**What you should do**
Where does the string "basic" appear in the records? Copy each line that holds it.

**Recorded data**
"""
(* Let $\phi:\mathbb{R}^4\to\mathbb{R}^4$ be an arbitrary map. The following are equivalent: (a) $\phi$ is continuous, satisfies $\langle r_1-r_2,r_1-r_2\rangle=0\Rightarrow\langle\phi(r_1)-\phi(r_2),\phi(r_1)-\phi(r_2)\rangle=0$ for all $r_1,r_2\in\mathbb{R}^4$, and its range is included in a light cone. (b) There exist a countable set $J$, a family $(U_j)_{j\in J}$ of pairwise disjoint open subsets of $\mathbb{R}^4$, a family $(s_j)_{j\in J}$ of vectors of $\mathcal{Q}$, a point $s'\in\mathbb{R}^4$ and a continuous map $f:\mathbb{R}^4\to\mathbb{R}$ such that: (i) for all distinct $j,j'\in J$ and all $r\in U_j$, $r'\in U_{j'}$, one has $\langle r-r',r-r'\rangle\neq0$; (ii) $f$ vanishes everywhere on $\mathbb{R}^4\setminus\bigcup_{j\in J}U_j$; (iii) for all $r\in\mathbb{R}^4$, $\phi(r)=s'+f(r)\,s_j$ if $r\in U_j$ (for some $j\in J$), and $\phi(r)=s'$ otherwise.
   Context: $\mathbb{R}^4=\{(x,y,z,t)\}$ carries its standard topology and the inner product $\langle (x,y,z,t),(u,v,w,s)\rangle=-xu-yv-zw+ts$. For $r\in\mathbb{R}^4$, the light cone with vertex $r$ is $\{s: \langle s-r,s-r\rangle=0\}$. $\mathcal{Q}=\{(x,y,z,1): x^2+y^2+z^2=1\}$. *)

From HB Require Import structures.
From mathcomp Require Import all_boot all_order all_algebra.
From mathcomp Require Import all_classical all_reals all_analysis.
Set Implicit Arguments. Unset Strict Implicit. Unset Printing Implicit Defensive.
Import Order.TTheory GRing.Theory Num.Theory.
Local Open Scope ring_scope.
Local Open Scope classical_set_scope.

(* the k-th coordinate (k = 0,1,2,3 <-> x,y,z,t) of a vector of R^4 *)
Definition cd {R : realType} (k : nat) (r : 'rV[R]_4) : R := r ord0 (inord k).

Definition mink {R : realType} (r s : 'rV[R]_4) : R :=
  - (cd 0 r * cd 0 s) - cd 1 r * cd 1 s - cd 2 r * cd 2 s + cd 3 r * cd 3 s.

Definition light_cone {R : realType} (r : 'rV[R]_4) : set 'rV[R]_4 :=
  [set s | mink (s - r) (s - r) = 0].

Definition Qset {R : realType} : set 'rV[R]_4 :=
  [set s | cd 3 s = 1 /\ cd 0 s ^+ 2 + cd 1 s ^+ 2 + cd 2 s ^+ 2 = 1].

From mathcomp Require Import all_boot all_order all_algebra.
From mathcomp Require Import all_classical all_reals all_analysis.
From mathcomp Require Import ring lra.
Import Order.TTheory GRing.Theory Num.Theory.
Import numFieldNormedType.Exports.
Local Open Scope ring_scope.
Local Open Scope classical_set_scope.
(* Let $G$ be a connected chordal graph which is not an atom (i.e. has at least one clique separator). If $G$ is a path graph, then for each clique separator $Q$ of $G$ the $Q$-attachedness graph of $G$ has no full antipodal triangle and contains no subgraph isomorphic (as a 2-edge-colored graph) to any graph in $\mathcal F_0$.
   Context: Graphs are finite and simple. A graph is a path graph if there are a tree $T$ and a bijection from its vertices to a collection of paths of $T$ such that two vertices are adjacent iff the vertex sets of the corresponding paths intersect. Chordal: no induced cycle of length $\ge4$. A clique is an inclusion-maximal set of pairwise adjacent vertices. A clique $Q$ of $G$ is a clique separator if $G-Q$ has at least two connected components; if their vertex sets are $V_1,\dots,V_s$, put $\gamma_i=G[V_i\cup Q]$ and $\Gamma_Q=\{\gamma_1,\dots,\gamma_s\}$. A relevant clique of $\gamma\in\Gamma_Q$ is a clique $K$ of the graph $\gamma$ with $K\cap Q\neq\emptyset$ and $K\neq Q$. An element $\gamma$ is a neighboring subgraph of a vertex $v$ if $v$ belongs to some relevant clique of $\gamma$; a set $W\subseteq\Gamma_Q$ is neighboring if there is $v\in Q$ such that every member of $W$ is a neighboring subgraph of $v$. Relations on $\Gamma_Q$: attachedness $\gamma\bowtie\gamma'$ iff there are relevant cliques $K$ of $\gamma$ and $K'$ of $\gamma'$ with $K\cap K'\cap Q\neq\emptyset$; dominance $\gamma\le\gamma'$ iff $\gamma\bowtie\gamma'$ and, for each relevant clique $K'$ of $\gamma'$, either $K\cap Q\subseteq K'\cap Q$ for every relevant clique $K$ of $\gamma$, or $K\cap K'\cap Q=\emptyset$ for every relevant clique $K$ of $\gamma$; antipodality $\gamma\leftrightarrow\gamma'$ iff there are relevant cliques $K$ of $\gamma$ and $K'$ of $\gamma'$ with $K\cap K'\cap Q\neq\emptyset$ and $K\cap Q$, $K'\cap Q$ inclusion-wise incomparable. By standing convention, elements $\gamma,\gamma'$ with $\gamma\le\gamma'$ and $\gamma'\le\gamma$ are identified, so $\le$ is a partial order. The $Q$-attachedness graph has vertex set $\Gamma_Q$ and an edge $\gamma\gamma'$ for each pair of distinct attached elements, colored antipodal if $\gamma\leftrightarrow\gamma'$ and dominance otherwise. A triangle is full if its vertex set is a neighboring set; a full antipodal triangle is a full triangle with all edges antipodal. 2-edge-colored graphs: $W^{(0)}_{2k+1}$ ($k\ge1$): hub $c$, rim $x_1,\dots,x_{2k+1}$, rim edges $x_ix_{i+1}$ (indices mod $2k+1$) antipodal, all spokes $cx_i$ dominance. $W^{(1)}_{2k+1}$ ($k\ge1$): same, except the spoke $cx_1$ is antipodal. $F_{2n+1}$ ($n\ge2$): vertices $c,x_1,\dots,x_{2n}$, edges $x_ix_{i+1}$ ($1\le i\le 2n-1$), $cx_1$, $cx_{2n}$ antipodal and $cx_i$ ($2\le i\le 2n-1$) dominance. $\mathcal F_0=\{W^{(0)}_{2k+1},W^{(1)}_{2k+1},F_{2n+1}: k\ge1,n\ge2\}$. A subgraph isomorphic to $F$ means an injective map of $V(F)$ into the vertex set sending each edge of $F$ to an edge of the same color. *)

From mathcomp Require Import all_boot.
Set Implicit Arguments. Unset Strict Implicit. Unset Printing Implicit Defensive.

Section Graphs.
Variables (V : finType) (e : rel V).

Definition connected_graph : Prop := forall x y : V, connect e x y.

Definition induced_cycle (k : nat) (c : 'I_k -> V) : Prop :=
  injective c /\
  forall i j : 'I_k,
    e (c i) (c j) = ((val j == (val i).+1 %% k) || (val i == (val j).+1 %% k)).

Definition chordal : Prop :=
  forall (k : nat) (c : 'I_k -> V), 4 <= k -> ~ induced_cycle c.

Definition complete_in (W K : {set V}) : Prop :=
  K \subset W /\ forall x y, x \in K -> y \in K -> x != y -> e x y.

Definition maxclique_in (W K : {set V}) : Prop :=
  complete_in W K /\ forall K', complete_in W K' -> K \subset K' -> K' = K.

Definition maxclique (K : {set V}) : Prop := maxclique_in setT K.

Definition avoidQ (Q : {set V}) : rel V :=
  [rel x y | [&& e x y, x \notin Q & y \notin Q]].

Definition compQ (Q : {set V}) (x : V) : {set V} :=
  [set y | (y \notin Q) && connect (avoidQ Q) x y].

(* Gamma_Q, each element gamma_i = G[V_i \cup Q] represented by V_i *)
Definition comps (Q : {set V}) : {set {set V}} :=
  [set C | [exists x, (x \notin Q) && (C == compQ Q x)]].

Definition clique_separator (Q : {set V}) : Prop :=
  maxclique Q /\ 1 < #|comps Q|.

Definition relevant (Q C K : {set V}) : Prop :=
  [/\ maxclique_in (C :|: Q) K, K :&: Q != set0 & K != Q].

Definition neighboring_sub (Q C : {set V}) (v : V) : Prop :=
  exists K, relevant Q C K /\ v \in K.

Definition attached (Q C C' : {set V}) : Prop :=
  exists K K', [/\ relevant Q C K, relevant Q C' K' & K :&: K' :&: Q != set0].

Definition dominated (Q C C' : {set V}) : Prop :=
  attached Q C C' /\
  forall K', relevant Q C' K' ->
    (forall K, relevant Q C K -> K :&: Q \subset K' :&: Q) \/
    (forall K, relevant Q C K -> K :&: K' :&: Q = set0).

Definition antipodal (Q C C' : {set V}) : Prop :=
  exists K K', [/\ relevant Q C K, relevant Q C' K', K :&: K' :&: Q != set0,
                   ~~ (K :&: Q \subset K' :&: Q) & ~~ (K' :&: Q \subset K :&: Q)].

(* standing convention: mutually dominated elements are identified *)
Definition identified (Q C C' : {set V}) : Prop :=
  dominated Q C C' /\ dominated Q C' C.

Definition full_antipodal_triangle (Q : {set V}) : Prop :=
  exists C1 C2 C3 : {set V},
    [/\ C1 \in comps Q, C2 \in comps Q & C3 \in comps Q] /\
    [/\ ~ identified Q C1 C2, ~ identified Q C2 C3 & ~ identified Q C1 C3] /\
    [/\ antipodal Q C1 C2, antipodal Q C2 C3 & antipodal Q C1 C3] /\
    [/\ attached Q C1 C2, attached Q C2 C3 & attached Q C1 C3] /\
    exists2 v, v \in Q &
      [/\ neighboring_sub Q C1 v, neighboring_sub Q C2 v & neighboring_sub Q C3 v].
"""
"""
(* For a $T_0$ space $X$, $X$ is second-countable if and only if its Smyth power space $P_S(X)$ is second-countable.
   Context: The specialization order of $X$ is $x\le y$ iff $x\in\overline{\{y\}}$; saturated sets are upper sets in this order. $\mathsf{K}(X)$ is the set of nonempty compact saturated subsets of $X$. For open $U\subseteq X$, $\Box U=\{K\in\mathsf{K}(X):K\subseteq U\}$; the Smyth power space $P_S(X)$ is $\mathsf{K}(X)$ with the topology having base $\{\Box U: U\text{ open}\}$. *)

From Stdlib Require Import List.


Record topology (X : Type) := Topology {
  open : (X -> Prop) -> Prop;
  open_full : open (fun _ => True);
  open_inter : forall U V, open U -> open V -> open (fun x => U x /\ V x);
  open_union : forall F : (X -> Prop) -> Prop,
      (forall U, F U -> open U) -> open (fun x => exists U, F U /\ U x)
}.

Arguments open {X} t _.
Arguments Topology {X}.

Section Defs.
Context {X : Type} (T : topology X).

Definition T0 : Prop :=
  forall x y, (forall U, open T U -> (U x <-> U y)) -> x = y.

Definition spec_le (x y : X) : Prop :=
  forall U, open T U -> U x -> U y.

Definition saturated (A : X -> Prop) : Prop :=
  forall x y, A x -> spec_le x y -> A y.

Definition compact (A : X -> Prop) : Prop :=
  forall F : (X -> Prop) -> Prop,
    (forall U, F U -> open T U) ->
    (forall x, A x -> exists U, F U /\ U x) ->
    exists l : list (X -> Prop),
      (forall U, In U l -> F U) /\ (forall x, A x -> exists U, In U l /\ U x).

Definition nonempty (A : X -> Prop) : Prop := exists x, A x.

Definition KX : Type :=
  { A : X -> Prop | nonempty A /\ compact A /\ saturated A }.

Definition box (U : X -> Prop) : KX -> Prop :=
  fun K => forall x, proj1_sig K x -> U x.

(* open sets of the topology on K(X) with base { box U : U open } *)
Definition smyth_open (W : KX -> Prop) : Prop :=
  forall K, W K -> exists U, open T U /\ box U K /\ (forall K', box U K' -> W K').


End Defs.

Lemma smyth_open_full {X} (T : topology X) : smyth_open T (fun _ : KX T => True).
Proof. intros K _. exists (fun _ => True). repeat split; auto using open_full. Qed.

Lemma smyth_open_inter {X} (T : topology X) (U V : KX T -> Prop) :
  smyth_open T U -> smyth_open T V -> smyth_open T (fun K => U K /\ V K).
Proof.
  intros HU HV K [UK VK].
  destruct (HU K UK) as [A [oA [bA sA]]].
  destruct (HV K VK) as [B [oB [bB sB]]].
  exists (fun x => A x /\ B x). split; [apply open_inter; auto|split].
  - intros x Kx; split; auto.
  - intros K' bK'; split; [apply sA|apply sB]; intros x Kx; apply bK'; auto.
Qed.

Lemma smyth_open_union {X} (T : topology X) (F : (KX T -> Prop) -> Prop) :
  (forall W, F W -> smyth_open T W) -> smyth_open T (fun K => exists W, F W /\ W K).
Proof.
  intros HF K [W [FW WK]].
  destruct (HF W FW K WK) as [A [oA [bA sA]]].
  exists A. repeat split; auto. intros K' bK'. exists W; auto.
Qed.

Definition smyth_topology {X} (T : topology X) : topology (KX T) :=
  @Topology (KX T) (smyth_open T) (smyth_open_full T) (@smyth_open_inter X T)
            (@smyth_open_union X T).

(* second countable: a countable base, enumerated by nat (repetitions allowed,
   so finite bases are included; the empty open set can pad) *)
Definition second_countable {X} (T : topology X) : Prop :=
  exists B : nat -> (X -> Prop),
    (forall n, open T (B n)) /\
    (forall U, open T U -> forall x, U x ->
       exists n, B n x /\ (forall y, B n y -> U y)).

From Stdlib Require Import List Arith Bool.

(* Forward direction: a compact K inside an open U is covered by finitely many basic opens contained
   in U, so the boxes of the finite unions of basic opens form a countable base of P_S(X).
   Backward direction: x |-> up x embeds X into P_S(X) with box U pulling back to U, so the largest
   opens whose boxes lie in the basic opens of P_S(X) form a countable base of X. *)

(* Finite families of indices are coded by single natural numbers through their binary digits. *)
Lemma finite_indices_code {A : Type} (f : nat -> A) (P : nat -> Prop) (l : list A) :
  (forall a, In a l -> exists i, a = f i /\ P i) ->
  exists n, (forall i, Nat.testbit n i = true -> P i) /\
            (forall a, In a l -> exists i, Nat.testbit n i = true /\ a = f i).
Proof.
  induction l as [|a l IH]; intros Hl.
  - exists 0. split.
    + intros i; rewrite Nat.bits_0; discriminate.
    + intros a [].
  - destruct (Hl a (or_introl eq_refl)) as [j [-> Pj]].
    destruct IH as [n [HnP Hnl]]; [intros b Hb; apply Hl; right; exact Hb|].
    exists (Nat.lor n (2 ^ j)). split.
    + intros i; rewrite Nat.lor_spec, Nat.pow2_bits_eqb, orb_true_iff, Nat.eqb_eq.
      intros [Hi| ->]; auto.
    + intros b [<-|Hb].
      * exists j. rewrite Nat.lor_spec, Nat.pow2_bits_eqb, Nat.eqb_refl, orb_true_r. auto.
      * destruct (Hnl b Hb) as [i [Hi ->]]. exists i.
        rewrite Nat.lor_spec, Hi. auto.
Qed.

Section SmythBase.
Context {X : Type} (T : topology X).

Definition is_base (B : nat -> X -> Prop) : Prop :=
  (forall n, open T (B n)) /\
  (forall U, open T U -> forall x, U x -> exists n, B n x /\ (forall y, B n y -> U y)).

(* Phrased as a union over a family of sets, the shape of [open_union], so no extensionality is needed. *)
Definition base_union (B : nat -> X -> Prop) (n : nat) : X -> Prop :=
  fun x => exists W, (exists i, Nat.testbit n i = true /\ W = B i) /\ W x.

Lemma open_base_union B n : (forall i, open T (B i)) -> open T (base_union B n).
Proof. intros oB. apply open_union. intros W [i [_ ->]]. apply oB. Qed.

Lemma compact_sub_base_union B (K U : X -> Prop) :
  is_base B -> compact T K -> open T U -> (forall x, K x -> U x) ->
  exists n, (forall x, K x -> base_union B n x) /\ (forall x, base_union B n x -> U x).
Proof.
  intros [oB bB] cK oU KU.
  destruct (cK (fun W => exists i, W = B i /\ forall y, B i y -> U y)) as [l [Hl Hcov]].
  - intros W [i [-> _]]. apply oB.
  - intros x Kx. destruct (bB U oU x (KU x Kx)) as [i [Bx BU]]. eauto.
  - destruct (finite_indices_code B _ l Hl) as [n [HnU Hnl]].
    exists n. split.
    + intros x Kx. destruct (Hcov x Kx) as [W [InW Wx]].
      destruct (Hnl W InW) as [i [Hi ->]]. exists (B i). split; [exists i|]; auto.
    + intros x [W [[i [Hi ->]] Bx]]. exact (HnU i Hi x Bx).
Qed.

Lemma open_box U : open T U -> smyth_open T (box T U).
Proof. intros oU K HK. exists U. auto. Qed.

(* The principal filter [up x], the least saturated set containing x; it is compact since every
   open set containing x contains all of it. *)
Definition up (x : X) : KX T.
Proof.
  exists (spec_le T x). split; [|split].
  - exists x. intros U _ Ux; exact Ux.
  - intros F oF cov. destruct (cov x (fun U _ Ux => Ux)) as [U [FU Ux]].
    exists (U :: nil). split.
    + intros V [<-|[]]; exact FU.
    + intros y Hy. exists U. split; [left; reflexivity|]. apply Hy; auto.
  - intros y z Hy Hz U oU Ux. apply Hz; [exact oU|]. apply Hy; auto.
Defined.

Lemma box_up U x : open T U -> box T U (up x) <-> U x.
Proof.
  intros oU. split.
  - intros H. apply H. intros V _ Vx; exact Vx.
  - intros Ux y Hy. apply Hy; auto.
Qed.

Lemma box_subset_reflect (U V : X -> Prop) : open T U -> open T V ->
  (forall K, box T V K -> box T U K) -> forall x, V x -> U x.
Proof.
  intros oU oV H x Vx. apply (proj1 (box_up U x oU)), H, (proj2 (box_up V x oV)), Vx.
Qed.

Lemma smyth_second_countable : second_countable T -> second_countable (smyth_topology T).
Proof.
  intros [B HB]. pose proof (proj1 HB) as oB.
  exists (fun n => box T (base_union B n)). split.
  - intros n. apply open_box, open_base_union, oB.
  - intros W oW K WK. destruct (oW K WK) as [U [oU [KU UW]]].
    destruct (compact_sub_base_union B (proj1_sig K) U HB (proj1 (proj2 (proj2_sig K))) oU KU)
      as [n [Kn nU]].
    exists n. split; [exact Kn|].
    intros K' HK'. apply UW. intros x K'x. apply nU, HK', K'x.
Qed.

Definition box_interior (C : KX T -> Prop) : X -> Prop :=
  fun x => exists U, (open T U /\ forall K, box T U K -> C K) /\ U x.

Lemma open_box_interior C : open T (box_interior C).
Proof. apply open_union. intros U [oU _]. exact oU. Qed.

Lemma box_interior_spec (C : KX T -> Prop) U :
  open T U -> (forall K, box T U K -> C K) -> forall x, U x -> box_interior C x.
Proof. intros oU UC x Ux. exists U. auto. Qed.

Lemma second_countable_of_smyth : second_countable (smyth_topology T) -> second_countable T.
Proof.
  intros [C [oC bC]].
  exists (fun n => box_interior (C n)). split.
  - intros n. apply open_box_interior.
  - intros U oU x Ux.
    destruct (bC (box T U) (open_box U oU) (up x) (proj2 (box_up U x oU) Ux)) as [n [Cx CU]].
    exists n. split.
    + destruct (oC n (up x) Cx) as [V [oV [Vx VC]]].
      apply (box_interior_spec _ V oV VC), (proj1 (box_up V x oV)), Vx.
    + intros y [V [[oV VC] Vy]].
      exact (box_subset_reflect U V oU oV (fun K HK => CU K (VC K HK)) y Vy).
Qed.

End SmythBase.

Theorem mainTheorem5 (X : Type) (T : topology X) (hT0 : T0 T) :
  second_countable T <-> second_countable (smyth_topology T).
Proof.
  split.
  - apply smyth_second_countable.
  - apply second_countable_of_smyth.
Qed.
"""
"""
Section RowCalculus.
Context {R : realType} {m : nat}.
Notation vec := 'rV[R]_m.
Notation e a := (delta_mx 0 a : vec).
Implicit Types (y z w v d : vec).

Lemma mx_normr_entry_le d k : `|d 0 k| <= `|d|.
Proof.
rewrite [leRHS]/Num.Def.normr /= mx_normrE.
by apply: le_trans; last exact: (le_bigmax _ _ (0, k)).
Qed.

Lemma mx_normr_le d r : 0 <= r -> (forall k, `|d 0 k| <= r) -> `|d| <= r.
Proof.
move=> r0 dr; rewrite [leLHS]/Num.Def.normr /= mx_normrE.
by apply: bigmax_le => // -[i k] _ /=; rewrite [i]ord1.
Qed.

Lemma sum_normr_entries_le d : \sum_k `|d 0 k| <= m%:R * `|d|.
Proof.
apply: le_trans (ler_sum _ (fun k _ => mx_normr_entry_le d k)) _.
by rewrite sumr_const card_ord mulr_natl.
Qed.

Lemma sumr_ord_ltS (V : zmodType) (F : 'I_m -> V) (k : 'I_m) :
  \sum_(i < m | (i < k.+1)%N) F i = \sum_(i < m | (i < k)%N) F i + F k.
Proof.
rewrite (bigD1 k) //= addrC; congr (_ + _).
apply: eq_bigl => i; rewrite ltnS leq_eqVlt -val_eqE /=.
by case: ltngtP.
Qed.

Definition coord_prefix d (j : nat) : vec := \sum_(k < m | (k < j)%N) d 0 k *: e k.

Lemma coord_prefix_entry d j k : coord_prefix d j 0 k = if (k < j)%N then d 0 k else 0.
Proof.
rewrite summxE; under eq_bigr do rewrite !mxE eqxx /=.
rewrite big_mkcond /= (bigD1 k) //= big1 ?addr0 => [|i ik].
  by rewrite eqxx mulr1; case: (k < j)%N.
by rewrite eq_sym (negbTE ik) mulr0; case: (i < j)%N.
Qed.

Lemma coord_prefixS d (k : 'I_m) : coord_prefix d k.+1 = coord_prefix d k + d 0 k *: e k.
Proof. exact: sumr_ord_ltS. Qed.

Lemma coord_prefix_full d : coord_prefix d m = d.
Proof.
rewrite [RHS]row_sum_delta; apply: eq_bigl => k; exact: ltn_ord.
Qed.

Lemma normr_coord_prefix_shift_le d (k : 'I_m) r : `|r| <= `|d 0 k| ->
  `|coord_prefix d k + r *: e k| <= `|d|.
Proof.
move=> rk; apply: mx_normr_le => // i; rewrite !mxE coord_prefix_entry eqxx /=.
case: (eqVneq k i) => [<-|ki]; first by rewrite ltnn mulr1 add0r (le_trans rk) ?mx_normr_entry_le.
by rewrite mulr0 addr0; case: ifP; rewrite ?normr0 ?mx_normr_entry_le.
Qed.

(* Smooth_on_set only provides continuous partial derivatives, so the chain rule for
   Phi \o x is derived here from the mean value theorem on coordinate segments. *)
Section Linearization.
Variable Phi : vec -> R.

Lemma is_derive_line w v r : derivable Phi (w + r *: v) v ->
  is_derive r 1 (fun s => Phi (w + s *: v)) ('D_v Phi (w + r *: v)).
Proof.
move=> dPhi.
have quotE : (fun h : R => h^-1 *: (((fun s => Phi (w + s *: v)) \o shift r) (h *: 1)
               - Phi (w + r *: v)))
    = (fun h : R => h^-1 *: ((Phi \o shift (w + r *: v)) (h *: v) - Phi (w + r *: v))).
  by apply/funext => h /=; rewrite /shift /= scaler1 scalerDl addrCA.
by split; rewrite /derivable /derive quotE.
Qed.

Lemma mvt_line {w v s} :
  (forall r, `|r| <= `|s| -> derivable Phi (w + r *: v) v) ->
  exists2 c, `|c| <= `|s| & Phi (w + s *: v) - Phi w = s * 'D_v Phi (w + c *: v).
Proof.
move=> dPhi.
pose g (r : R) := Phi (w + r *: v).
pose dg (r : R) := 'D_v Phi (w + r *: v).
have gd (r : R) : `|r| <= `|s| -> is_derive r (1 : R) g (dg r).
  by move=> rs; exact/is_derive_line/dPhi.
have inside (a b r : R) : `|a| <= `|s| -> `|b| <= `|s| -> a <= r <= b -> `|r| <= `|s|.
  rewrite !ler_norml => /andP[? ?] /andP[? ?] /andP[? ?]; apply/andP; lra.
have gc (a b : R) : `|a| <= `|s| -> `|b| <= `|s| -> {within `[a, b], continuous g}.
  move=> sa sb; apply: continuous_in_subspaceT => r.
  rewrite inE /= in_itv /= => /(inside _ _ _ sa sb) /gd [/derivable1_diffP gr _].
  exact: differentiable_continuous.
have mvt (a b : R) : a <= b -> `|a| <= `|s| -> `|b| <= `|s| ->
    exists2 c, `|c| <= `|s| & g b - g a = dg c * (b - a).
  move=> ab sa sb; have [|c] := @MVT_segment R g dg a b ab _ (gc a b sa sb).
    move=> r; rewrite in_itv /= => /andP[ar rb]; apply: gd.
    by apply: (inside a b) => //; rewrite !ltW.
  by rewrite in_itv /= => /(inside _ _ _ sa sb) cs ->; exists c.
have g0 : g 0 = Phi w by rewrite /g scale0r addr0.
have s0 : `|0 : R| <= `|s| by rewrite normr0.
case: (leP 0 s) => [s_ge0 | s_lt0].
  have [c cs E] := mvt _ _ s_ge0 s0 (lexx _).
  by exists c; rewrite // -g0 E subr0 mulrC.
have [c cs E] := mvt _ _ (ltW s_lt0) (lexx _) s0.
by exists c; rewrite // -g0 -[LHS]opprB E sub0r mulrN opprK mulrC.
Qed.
"""
**Reply to the exercise**
(* Forward direction: a compact K inside an open U is covered by finitely many basic opens contained
   in U, so the boxes of the finite unions of basic opens form a countable base of P_S(X).
   opens whose boxes lie in the basic opens of P_S(X) form a countable base of X. *)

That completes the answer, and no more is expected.